The gap between technological and institutional change is nothing new. Ever since the advent of the Industrial Revolution, there’s been a significant time lag between the emergence of a transformative technology and its ensuing impact on economies and societies. Even after reaching a tipping point of market acceptance, it takes considerable time, - often decades, - for their benefits to be fully realized.
In The Productivity J-Curve, a 2018 NBER paper, Erik Brynjolfsson, Daniel Rock, and Chad Syverson explained that general purpose, transformative technologies, - such as the steam engine, electricity, and semiconductors, - “are the defining technologies of their times and can radically change the economic environment.
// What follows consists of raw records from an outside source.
(* Let $C\in\mathscr{C}$ and let $z_C\colon C\to Z_C$ be obtained as follows: choose a distinguished triangle $V\to U\overset{a}{\to}C\to V[1]$ with $U\in\mathcal{U},V\in\mathcal{V}$; choose a distinguished triangle $T[-1]\to S[-1]\overset{b}{\to}U\to T$ with $S\in\mathcal{S},T\in\mathcal{T}$; and choose a distinguished triangle $S[-1]\overset{a\circ b}{\to}C\overset{z_C}{\to}Z_C\to S$. Then for every $Y\in\mathscr{C}^+$, the map \[ -\circ\underline{z}_C\colon\underline{\mathscr{C}}^+(Z_C,Y)\to\underline{\mathscr{C}}(C,Y) \] is bijective.
   Context: $\mathscr{C}$ is a triangulated category with shift $[1]$; subcategories are full, additive, closed under isomorphisms and direct summands. $\mathrm{Ext}^1(X,Y)=\mathscr{C}(X,Y[1])$. $\mathcal{M}\ast\mathcal{N}$ is the full subcategory of objects $C$ admitting a distinguished triangle $M\to C\to N\to M[1]$ with $M\in\mathcal{M}$, $N\in\mathcal{N}$. A cotorsion pair $(\mathcal{U},\mathcal{V})$: $\mathrm{Ext}^1(\mathcal{U},\mathcal{V})=0$ and $\mathscr{C}=\mathcal{U}\ast\mathcal{V}[1]$. Fix a twin cotorsion pair, i.e. cotorsion pairs $(\mathcal{S},\mathcal{T}),(\mathcal{U},\mathcal{V})$ with $\mathrm{Ext}^1(\mathcal{S},\mathcal{V})=0$. Put $\mathcal{W}=\mathcal{T}\cap\mathcal{U}$, $\mathscr{C}^+=\mathcal{W}\ast\mathcal{V}[1]$. $\underline{\mathscr{C}}$ and $\underline{\mathscr{C}}^+$ denote the ideal quotients of $\mathscr{C}$ and $\mathscr{C}^+$ by morphisms factoring through objects of $\mathcal{W}$, and $\underline{f}$ is the image of a morphism $f$. (One has $Z_C\in\mathscr{C}^+$.) *)

From HB Require Import structures.
From mathcomp Require Import all_boot all_algebra.
Set Implicit Arguments. Unset Strict Implicit. Unset Printing Implicit Defensive.
Import GRing.Theory.
Local Open Scope ring_scope.

Record PreTri := {
  Obj : Type;
  CHom : Obj -> Obj -> zmodType;
  mcomp : forall X Y Z : Obj, CHom Y Z -> CHom X Y -> CHom X Z;
  idm : forall X : Obj, CHom X X;
  mcompA : forall X Y Z W (h : CHom Z W) (g : CHom Y Z) (f : CHom X Y),
    mcomp h (mcomp g f) = mcomp (mcomp h g) f;
  mcomp1m : forall X Y (f : CHom X Y), mcomp (idm Y) f = f;
  mcompm1 : forall X Y (f : CHom X Y), mcomp f (idm X) = f;
  mcompDl : forall X Y Z (g1 g2 : CHom Y Z) (f : CHom X Y),
    mcomp (g1 + g2) f = mcomp g1 f + mcomp g2 f;
  mcompDr : forall X Y Z (g : CHom Y Z) (f1 f2 : CHom X Y),
    mcomp g (f1 + f2) = mcomp g f1 + mcomp g f2;
  zero_obj_ex : exists O : Obj, idm O = 0;
  biprod_ex : forall X Y : Obj, exists (B : Obj) (i1 : CHom X B) (i2 : CHom Y B)
    (p1 : CHom B X) (p2 : CHom B Y),
    [/\ mcomp p1 i1 = idm X, mcomp p2 i2 = idm Y, mcomp p1 i2 = 0,
        mcomp p2 i1 = 0 & mcomp i1 p1 + mcomp i2 p2 = idm B];
  sh : Obj -> Obj;
  shm : forall X Y : Obj, CHom X Y -> CHom (sh X) (sh Y);
  shmD : forall X Y (f g : CHom X Y), shm (f + g) = shm f + shm g;
  shm1 : forall X, shm (idm X) = idm (sh X);
  shmM : forall X Y Z (g : CHom Y Z) (f : CHom X Y), shm (mcomp g f) = mcomp (shm g) (shm f);
  shm_inj : forall X Y (f g : CHom X Y), shm f = shm g -> f = g;
  shm_surj : forall X Y (g : CHom (sh X) (sh Y)), exists f : CHom X Y, shm f = g;
  sh_esurj : forall Y, exists X (f : CHom (sh X) Y) (g : CHom Y (sh X)),
    mcomp g f = idm (sh X) /\ mcomp f g = idm Y
}.

Arguments mcomp {p X Y Z}.
Arguments idm {p}.
Arguments sh {p}.
Arguments shm {p X Y}.

Section Basics.
Variable C : PreTri.

Definition is_iso (X Y : Obj C) (f : CHom X Y) :=
  exists g : CHom Y X, mcomp g f = idm X /\ mcomp f g = idm Y.

Definition isoObj (X Y : Obj C) := exists f : CHom X Y, is_iso f.

Definition is_zero_obj (O : Obj C) := idm O = 0.

Record triangle := Tri {
  tX : Obj C; tY : Obj C; tZ : Obj C;
  tu : CHom tX tY; tv : CHom tY tZ; tw : CHom tZ (sh tX) }.

End Basics.

Arguments Tri {C tX tY tZ}.
Arguments tu {C}. Arguments tv {C}. Arguments tw {C}.
Arguments tX {C}. Arguments tY {C}. Arguments tZ {C}.

Record TriStr (C : PreTri) := {
  dist : triangle C -> Prop;
  dist_iso : forall (T T' : triangle C) (f1 : CHom (tX T') (tX T))
    (f2 : CHom (tY T') (tY T)) (f3 : CHom (tZ T') (tZ T)),
    is_iso f1 -> is_iso f2 -> is_iso f3 ->
    mcomp (tu T) f1 = mcomp f2 (tu T') ->
    mcomp (tv T) f2 = mcomp f3 (tv T') ->
    mcomp (tw T) f3 = mcomp (shm f1) (tw T') ->
    dist T -> dist T';
  dist_id : forall (X O : Obj C), is_zero_obj O ->
    dist (Tri (idm X) (0 : CHom X O) (0 : CHom O (sh X)));
  dist_ex : forall (X Y : Obj C) (u : CHom X Y),
    exists Z (v : CHom Y Z) (w : CHom Z (sh X)), dist (Tri u v w);
  dist_rot : forall T : triangle C,
    dist T <-> dist (Tri (tv T) (tw T) (- shm (tu T)));
  dist_mor : forall (T T' : triangle C) (f : CHom (tX T) (tX T'))
    (g : CHom (tY T) (tY T')), dist T -> dist T' ->
    mcomp (tu T') f = mcomp g (tu T) ->
    exists h : CHom (tZ T) (tZ T'),
      mcomp (tv T') g = mcomp h (tv T) /\ mcomp (shm f) (tw T) = mcomp (tw T') h;
  dist_oct : forall (X Y Z Q1 Q2 Q3 : Obj C) (f : CHom X Y) (g : CHom Y Z)
    (p1 : CHom Y Q1) (d1 : CHom Q1 (sh X)) (p2 : CHom Z Q2) (d2 : CHom Q2 (sh X))
    (p3 : CHom Z Q3) (d3 : CHom Q3 (sh Y)),
    dist (Tri f p1 d1) -> dist (Tri (mcomp g f) p2 d2) -> dist (Tri g p3 d3) ->
    exists (a : CHom Q1 Q2) (b : CHom Q2 Q3),
      [/\ dist (Tri a b (mcomp (shm p1) d3)), mcomp a p1 = mcomp p2 g,
          mcomp d2 a = d1, mcomp b p2 = p3 & mcomp d3 b = mcomp (shm f) d2]
}.

Section Subcats.
Variables (C : PreTri) (D : TriStr C).

Record subcat (P : Obj C -> Prop) : Prop := {
  subcat_iso : forall X Y, isoObj X Y -> P X -> P Y;
  subcat_summand : forall X Y (i : CHom X Y) (p : CHom Y X),
    mcomp p i = idm X -> P Y -> P X;
  subcat_zero : forall O, is_zero_obj O -> P O;
  subcat_biprod : forall X Y B (i1 : CHom X B) (i2 : CHom Y B)
    (p1 : CHom B X) (p2 : CHom B Y),
    [/\ mcomp p1 i1 = idm X, mcomp p2 i2 = idm Y, mcomp p1 i2 = 0,
        mcomp p2 i1 = 0 & mcomp i1 p1 + mcomp i2 p2 = idm B] ->
    P X -> P Y -> P B
}.

Definition Ext1_zero (P Q : Obj C -> Prop) :=
  forall X Y, P X -> Q Y -> forall f : CHom X (sh Y), f = 0.

Definition shiftP (P : Obj C -> Prop) (X : Obj C) :=
  exists M, P M /\ isoObj X (sh M).

Definition star (M N : Obj C -> Prop) (X : Obj C) :=
  exists (A B : Obj C) (f : CHom A X) (g : CHom X B) (h : CHom B (sh A)),
    [/\ M A, N B & dist D (Tri f g h)].

Definition cotorsion_pair (U V : Obj C -> Prop) :=
  Ext1_zero U V /\ forall X, star U (shiftP V) X.

Definition twin_cotorsion_pair (S T U V : Obj C -> Prop) :=
  [/\ cotorsion_pair S T, cotorsion_pair U V & Ext1_zero S V].

Definition Wcore (T U : Obj C -> Prop) (X : Obj C) := T X /\ U X.

Definition Cplus (T U V : Obj C -> Prop) := star (Wcore T U) (shiftP V).

Definition factors_through (W : Obj C -> Prop) (X Y : Obj C) (f : CHom X Y) :=
  exists (W0 : Obj C) (g : CHom X W0) (h : CHom W0 Y), W W0 /\ f = mcomp h g.

(* equality of images in the ideal quotient by W *)
Definition eqW (W : Obj C -> Prop) (X Y : Obj C) (f g : CHom X Y) :=
  factors_through W (f - g).

End Subcats.

(* Write Y in W * V[1] via a triangle A -> Y -> M[1] with A in W and M in V.
   A map into Y from an object left orthogonal to V[1] (such as an object of S
   or of U) kills Y -> M[1], hence factors through A.  Since Hom(S[-1], T) = 0,
   every map from C into an object of W vanishes on a b.
   Surjectivity: h a factors through W, so h (a b) = 0 and h extends along z_C.
   Injectivity: if d z_C = beta alpha with alpha into W, then alpha extends
   along z_C to some alpha'; now d - beta alpha' vanishes on z_C, so it factors
   through Z_C -> S, and maps from S to Y factor through W. *)
From mathcomp Require Import all_boot all_algebra.
Set Implicit Arguments. Unset Strict Implicit. Unset Printing Implicit Defensive.
Import GRing.Theory.
Local Open Scope ring_scope.

Section Additive.
Variable C : PreTri.

Lemma mcomp0m (X Y Z : Obj C) (f : CHom X Y) : mcomp (0 : CHom Y Z) f = 0.
Proof. by apply: (addrI (mcomp (0 : CHom Y Z) f)); rewrite -mcompDl !addr0. Qed.

Lemma mcompm0 (X Y Z : Obj C) (g : CHom Y Z) : mcomp g (0 : CHom X Y) = 0.
Proof. by apply: (addrI (mcomp g (0 : CHom X Y))); rewrite -mcompDr !addr0. Qed.

Lemma mcompNm (X Y Z : Obj C) (g : CHom Y Z) (f : CHom X Y) :
  mcomp (- g) f = - mcomp g f.
Proof. by apply: (addIr (mcomp g f)); rewrite -mcompDl !addNr mcomp0m. Qed.

Lemma mcompmN (X Y Z : Obj C) (g : CHom Y Z) (f : CHom X Y) :
  mcomp g (- f) = - mcomp g f.
Proof. by apply: (addIr (mcomp g f)); rewrite -mcompDr !addNr mcompm0. Qed.

Lemma mcompBl (X Y Z : Obj C) (g1 g2 : CHom Y Z) (f : CHom X Y) :
  mcomp (g1 - g2) f = mcomp g1 f - mcomp g2 f.
Proof. by rewrite mcompDl mcompNm. Qed.

Lemma shm0 (X Y : Obj C) : shm (0 : CHom X Y) = 0.
Proof. by apply: (addrI (shm (0 : CHom X Y))); rewrite -shmD !addr0. Qed.

Lemma Ext1_zero_hom_unshift (P Q : Obj C -> Prop) (X Y : Obj C) :
  Ext1_zero P Q -> P (sh X) -> Q Y -> forall k : CHom X Y, k = 0.
Proof.
by move=> PQ PX QY k; apply: shm_inj; rewrite shm0 (PQ _ _ PX QY (shm k)).
Qed.

End Additive.

Section Triangles.
Variables (C : PreTri) (D : TriStr C).

Lemma dist_factor_coker (X Y Z W : Obj C) (u : CHom X Y) (v : CHom Y Z)
    (w : CHom Z (sh X)) (h : CHom Y W) :
  dist D (Tri u v w) -> mcomp h u = 0 -> exists k : CHom Z W, h = mcomp k v.
Proof.
move=> uvw hu0; have [O O0] := zero_obj_ex C.
have O1 : is_zero_obj (sh O) by rewrite /is_zero_obj -shm1 O0 shm0.
have idW : dist D (Tri (0 : CHom O W) (idm W) (0 : CHom W (sh O))).
  by apply/(dist_rot D) => /=; rewrite shm0 oppr0; apply: dist_id.
have square : mcomp (0 : CHom O W) (0 : CHom X O) = mcomp h u.
  by rewrite mcomp0m hu0.
have [k [hk _]] := dist_mor uvw idW square.
by exists k; rewrite -hk /= mcomp1m.
Qed.

Lemma dist_factor_ker (X Y Z G : Obj C) (u : CHom X Y) (v : CHom Y Z)
    (w : CHom Z (sh X)) (g : CHom G Y) :
  dist D (Tri u v w) -> mcomp v g = 0 -> exists k : CHom G X, g = mcomp u k.
Proof.
move=> uvw vg0; have [O O0] := zero_obj_ex C.
have idG := (dist_rot D (Tri (idm G) (0 : CHom G O) 0)).1 (dist_id D G O0).
have square : mcomp v g = mcomp (0 : CHom O Z) (0 : CHom G O).
  by rewrite mcomp0m vg0.
have [h [_]] := dist_mor idG ((dist_rot D _).1 uvw) square.
rewrite /= shm1 mcompmN mcompm1 mcompNm => /oppr_inj gh.
have [k hk] := shm_surj h.
by exists k; apply: shm_inj; rewrite shmM hk gh.
Qed.

End Triangles.

Section FactorsThrough.
Variables (C : PreTri) (W : Obj C -> Prop).
Hypothesis subW : subcat W.

Lemma factors_through0 (X Y : Obj C) : factors_through W (0 : CHom X Y).
Proof.
have [O O0] := zero_obj_ex C.
by exists O, 0, 0; split; [exact: subcat_zero | rewrite mcomp0m].
Qed.

Lemma factors_throughD (X Y : Obj C) (f g : CHom X Y) :
  factors_through W f -> factors_through W g -> factors_through W (f + g).
Proof.
move=> [Wf [af [bf [Wf_W ->]]]] [Wg [ag [bg [Wg_W ->]]]].
have [B [i1 [i2 [p1 [p2 biB]]]]] := biprod_ex Wf Wg.
have [p1i1 p2i2 p1i2 p2i1 _] := biB.
exists B, (mcomp i1 af + mcomp i2 ag), (mcomp bf p1 + mcomp bg p2).
split; first exact: subcat_biprod biB Wf_W Wg_W.
rewrite !mcompDl !mcompDr -!mcompA ![mcomp p1 (mcomp _ _)]mcompA.
rewrite ![mcomp p2 (mcomp _ _)]mcompA p1i1 p2i2 p1i2 p2i1.
by rewrite !mcomp0m !mcompm0 !mcomp1m addr0 add0r.
Qed.

Lemma factors_throughMr (X Y Z : Obj C) (g : CHom Y Z) (f : CHom X Y) :
  factors_through W g -> factors_through W (mcomp g f).
Proof.
by move=> [W0 [a [b [W0_W ->]]]]; exists W0, (mcomp a f), b; rewrite mcompA.
Qed.

End FactorsThrough.

Lemma subcat_Wcore (C : PreTri) (T U : Obj C -> Prop) :
  subcat T -> subcat U -> subcat (Wcore T U).
Proof.
move=> sT sU; split.
- move=> X Y XY [TX UX].
  by split; [exact: subcat_iso XY TX | exact: subcat_iso XY UX].
- move=> X Y i p pi [TY UY].
  by split; [exact: subcat_summand pi TY | exact: subcat_summand pi UY].
- by move=> O O0; split; exact: subcat_zero.
- move=> X Y B i1 i2 p1 p2 biB [TX UX] [TY UY].
  by split; [exact: subcat_biprod biB TX TY | exact: subcat_biprod biB UX UY].
Qed.

Section Cplus.
Variables (C : PreTri) (D : TriStr C) (T U V : Obj C -> Prop).

Lemma Cplus_factors_through (P : Obj C -> Prop) (G Y : Obj C) (g : CHom G Y) :
  Ext1_zero P V -> P G -> Cplus D T U V Y -> factors_through (Wcore T U) g.
Proof.
move=> PV PG [A [B [f [p [d [W_A [M [V_M [phi [psi [psiphi _]]]]] fpd]]]]]].
have pg0 : mcomp p g = 0.
  rewrite -[mcomp p g]mcomp1m -psiphi -mcompA.
  by rewrite (PV _ _ PG V_M (mcomp phi _)) mcompm0.
have [k ->] := dist_factor_ker fpd pg0.
by exists A, k, f.
Qed.

Variable S : Obj C -> Prop.
Hypothesis ST : Ext1_zero S T.
Variables (X Y Z S1 : Obj C) (z : CHom X Z) (r : CHom Z (sh S1)).
Hypotheses (S_S1 : S (sh S1)) (Y_Cplus : Cplus D T U V Y).

Lemma factors_through_cancel_cone (c : CHom S1 X) (d : CHom Z Y) :
  subcat T -> subcat U -> Ext1_zero S V -> dist D (Tri c z r) ->
  factors_through (Wcore T U) (mcomp d z) -> factors_through (Wcore T U) d.
Proof.
move=> sT sU SV czr [W1 [al [be [[T_W1 U_W1] dz]]]].
have alc0 : mcomp al c = 0 by exact: (Ext1_zero_hom_unshift ST S_S1 T_W1).
have [al' al'z] := dist_factor_coker czr alc0.
have dz0 : mcomp (d - mcomp be al') z = 0.
  by rewrite mcompBl dz -mcompA -al'z subrr.
have [ga gar] := dist_factor_coker ((dist_rot D _).1 czr) dz0.
have subW := subcat_Wcore sT sU.
rewrite -[d](subrK (mcomp be al')) gar.
apply: factors_throughD => //; last by exists W1, al', be.
exact/factors_throughMr/(Cplus_factors_through _ SV S_S1 Y_Cplus).
Qed.

Lemma hom_extends_along_cone (U0 : Obj C) (a : CHom U0 X) (b : CHom S1 U0)
    (h : CHom X Y) :
  Ext1_zero U V -> U U0 -> dist D (Tri (mcomp a b) z r) ->
  exists f : CHom Z Y, h = mcomp f z.
Proof.
move=> UV U_U0 abzr.
have [W0 [k [l [[T_W0 _] hak]]]] :=
  Cplus_factors_through (mcomp h a) UV U_U0 Y_Cplus.
have hab0 : mcomp h (mcomp a b) = 0.
  rewrite mcompA hak -mcompA.
  by rewrite (Ext1_zero_hom_unshift ST S_S1 T_W0 (mcomp k b)) mcompm0.
exact: dist_factor_coker abzr hab0.
Qed.

End Cplus.

Theorem proposition3p6 (C : PreTri) (D : TriStr C)
  (S T U V : Obj C -> Prop)
  (hS : subcat S) (hT : subcat T) (hU : subcat U) (hV : subcat V)
  (htwin : twin_cotorsion_pair D S T U V)
  (X : Obj C)
  (V0 U0 : Obj C) (v0 : CHom V0 U0) (a : CHom U0 X) (w0 : CHom X (sh V0))
  (hV0 : V V0) (hU0 : U U0) (hdist1 : dist D (Tri v0 a w0))
  (T1 S1 : Obj C) (e : CHom T1 S1) (b : CHom S1 U0) (q : CHom U0 (sh T1))
  (hT1 : T (sh T1)) (hS1 : S (sh S1)) (hdist2 : dist D (Tri e b q))
  (Z : Obj C) (z : CHom X Z) (r : CHom Z (sh S1))
  (hdist3 : dist D (Tri (mcomp a b) z r)) :
  forall Y : Obj C, Cplus D T U V Y ->
    (forall f g : CHom Z Y,
        eqW (Wcore T U) (mcomp f z) (mcomp g z) -> eqW (Wcore T U) f g) /\
    (forall h : CHom X Y, exists f : CHom Z Y, eqW (Wcore T U) (mcomp f z) h).
Proof.
move=> Y Y_Cplus; case: htwin => [[ST _] [UV _] SV]; split.
- move=> f g; rewrite /eqW -mcompBl.
  exact: (factors_through_cancel_cone ST hS1 Y_Cplus hT hU SV hdist3).
- move=> h.
  have [f ->] := hom_extends_along_cone ST hS1 Y_Cplus h UV hU0 hdist3.
  by exists f; rewrite /eqW subrr; apply/factors_through0/subcat_Wcore.
Qed.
They have great potential from the outset, but realizing that potential requires larger intangible and often unmeasured investments and a fundamental rethinking of the organization of production itself.”
The life cycle of historically transformative technologies consists of two district phases, investment and harvesting. Since the technologies are general purpose in nature, they require massive complementary investments, including business process redesign, co-invention of new products and business models, and the re-skilling of the workforce. Moreover, the more transformative the technologies, the longer it takes for them to reach the harvesting phase when they are widely embraced by individuals, companies and industries across the economy.